Task description —
Copy nothing from the entries below except the lines from the one containing "Definition KLdiv (T" through the one containing "weighted by 0) *)", and copy those exactly.
** Opening Supplied records block **
(* Let $\mathcal{X},\mathcal{A}$ be finite sets, let $P_{A|X}$ be a channel, and for $n\ge1$ let $P^{\times n}_{XAB}(x^n,a^n,b^n)=|\mathcal{X}|^{-n}\prod_{i=1}^n P_{A|X}(a_i|x_i)P_{A|X}(b_i|x_i)$ on $\mathcal{X}^n\times\mathcal{A}^n\times\mathcal{A}^n$. Let $\omega_{\mathrm{ns}}(n)=\sup_Q\sum_{x^n,a^n,b^n}P^{\times n}_{XAB}(x^n,a^n,b^n)Q(x^n,x^n|a^n,b^n)$, the supremum over all no-signalling conditional distributions $Q$. Then $$\limsup_{n\to\infty}\frac{\log\omega_{\mathrm{ns}}(n)}{n}\le\max_{Q_{XA}}\Big(I(X;A)_Q-2D(Q_{A|X}\,\|\,P_{A|X}\mid Q_X)\Big)-\log|\mathcal{X}|,$$ the maximum being over all probability distributions $Q_{XA}$ on $\mathcal{X}\times\mathcal{A}$.
   Context: Logarithms are base $2$. A no-signalling conditional distribution is a conditional distribution $Q(y,z|a^n,b^n)$ on $\mathcal{X}^n\times\mathcal{X}^n$ given $(a^n,b^n)\in\mathcal{A}^n\times\mathcal{A}^n$ such that $\sum_y Q(y,z|a^n,b^n)$ does not depend on $a^n$ and $\sum_z Q(y,z|a^n,b^n)$ does not depend on $b^n$. $I(X;A)_Q=H(X)_Q+H(A)_Q-H(X,A)_Q$ (Shannon entropies); $D(P\|Q)=\sum_x P(x)\log\frac{P(x)}{Q(x)}$; $D(Q_{A|X}\|P_{A|X}\mid Q_X)=\sum_x Q_X(x)D(Q_{A|X=x}\|P_{A|X=x})$. *)

From HB Require Import structures.
From mathcomp Require Import all_boot all_order all_algebra.
From mathcomp Require Import all_classical all_reals all_analysis.
Set Implicit Arguments. Unset Strict Implicit. Unset Printing Implicit Defensive.
Import Order.TTheory GRing.Theory Num.Theory.
Local Open Scope ring_scope.

Section Defs.
Context {R : realType}.

Definition log2 (x : R) : R := ln x / ln 2.

Definition is_dist (T : finType) (p : T -> R) : Prop :=
  (forall t, 0 <= p t) /\ \sum_(t : T) p t = 1.

Definition is_channel (X A : finType) (W : X -> A -> R) : Prop :=
  forall x, is_dist (W x).

Definition entropy (T : finType) (p : T -> R) : R :=
  - \sum_(t : T) (if p t == 0 then 0 else p t * log2 (p t)).

Definition KLdiv (T : finType) (p r : T -> R) : \bar R :=
  (\sum_(t : T)
     (if p t == 0%R then 0%E
      else if r t == 0%R then +oo%E
      else (p t * log2 (p t / r t))%:E))%E.

Section Joint.
Variables (X A : finType) (q : X -> A -> R).
Definition margX (x : X) : R := \sum_(a : A) q x a.
Definition margA (a : A) : R := \sum_(x : X) q x a.
Definition joint (xa : X * A) : R := q xa.1 xa.2.
Definition mutinfo : R := entropy margX + entropy margA - entropy joint.
(* conditional Q_{A|X=x} (irrelevant when Q_X(x) = 0, since it is weighted by 0) *)
Definition condA (x : X) (a : A) : R := q x a / margX x.
Definition condKL (W : X -> A -> R) : \bar R :=
  (\sum_(x : X) (margX x)%:E * KLdiv (condA x) (W x))%E.
End Joint.

Definition Pn (X A : finType) (W : X -> A -> R) (n : nat)
    (x : {ffun 'I_n -> X}) (a b : {ffun 'I_n -> A}) : R :=
  (#|X|%:R ^- n) * \prod_(i < n) (W (x i) (a i) * W (x i) (b i)).

Definition no_signalling (X A : finType) (n : nat)
    (Q : {ffun 'I_n -> X} -> {ffun 'I_n -> X} ->
         {ffun 'I_n -> A} -> {ffun 'I_n -> A} -> R) : Prop :=
  (forall y z a b, 0 <= Q y z a b) /\
  (forall a b, \sum_(y : {ffun 'I_n -> X}) \sum_(z : {ffun 'I_n -> X}) Q y z a b = 1) /\
  (forall z a a' b, \sum_(y : {ffun 'I_n -> X}) Q y z a b = \sum_(y : {ffun 'I_n -> X}) Q y z a' b) /\
  (forall y a b b', \sum_(z : {ffun 'I_n -> X}) Q y z a b = \sum_(z : {ffun 'I_n -> X}) Q y z a b').

Definition ns_value (X A : finType) (W : X -> A -> R) (n : nat)
    (Q : {ffun 'I_n -> X} -> {ffun 'I_n -> X} ->
         {ffun 'I_n -> A} -> {ffun 'I_n -> A} -> R) : R :=
  \sum_(x : {ffun 'I_n -> X}) \sum_(a : {ffun 'I_n -> A}) \sum_(b : {ffun 'I_n -> A})
     Pn W x a b * Q x x a b.

Definition omega_ns (X A : finType) (W : X -> A -> R) (n : nat) : R :=
  sup [set v | exists Q, no_signalling Q /\ v = @ns_value X A W n Q].

Definition objective (X A : finType) (W : X -> A -> R) (q : X -> A -> R) : \bar R :=
  ((mutinfo q)%:E - 2%:E * condKL q W)%E.

End Defs.

From HB Require Import structures.
From mathcomp Require Import all_boot all_order all_algebra.
From mathcomp Require Import all_classical all_reals all_analysis.
From mathcomp Require Import ring lra.
Import Order.TTheory GRing.Theory Num.Theory.
Set Implicit Arguments. Unset Strict Implicit. Unset Printing Implicit Defensive.
Local Open Scope ring_scope.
** Closing Supplied records block **
Written solution —
Definition KLdiv (T : finType) (p r : T -> R) : \bar R :=
  (\sum_(t : T)
     (if p t == 0%R then 0%E
      else if r t == 0%R then +oo%E
      else (p t * log2 (p t / r t))%:E))%E.

Section Joint.
Variables (X A : finType) (q : X -> A -> R).
Definition margX (x : X) : R := \sum_(a : A) q x a.
Definition margA (a : A) : R := \sum_(x : X) q x a.
Definition joint (xa : X * A) : R := q xa.1 xa.2.
Definition mutinfo : R := entropy margX + entropy margA - entropy joint.
(* conditional Q_{A|X=x} (irrelevant when Q_X(x) = 0, since it is weighted by 0) *)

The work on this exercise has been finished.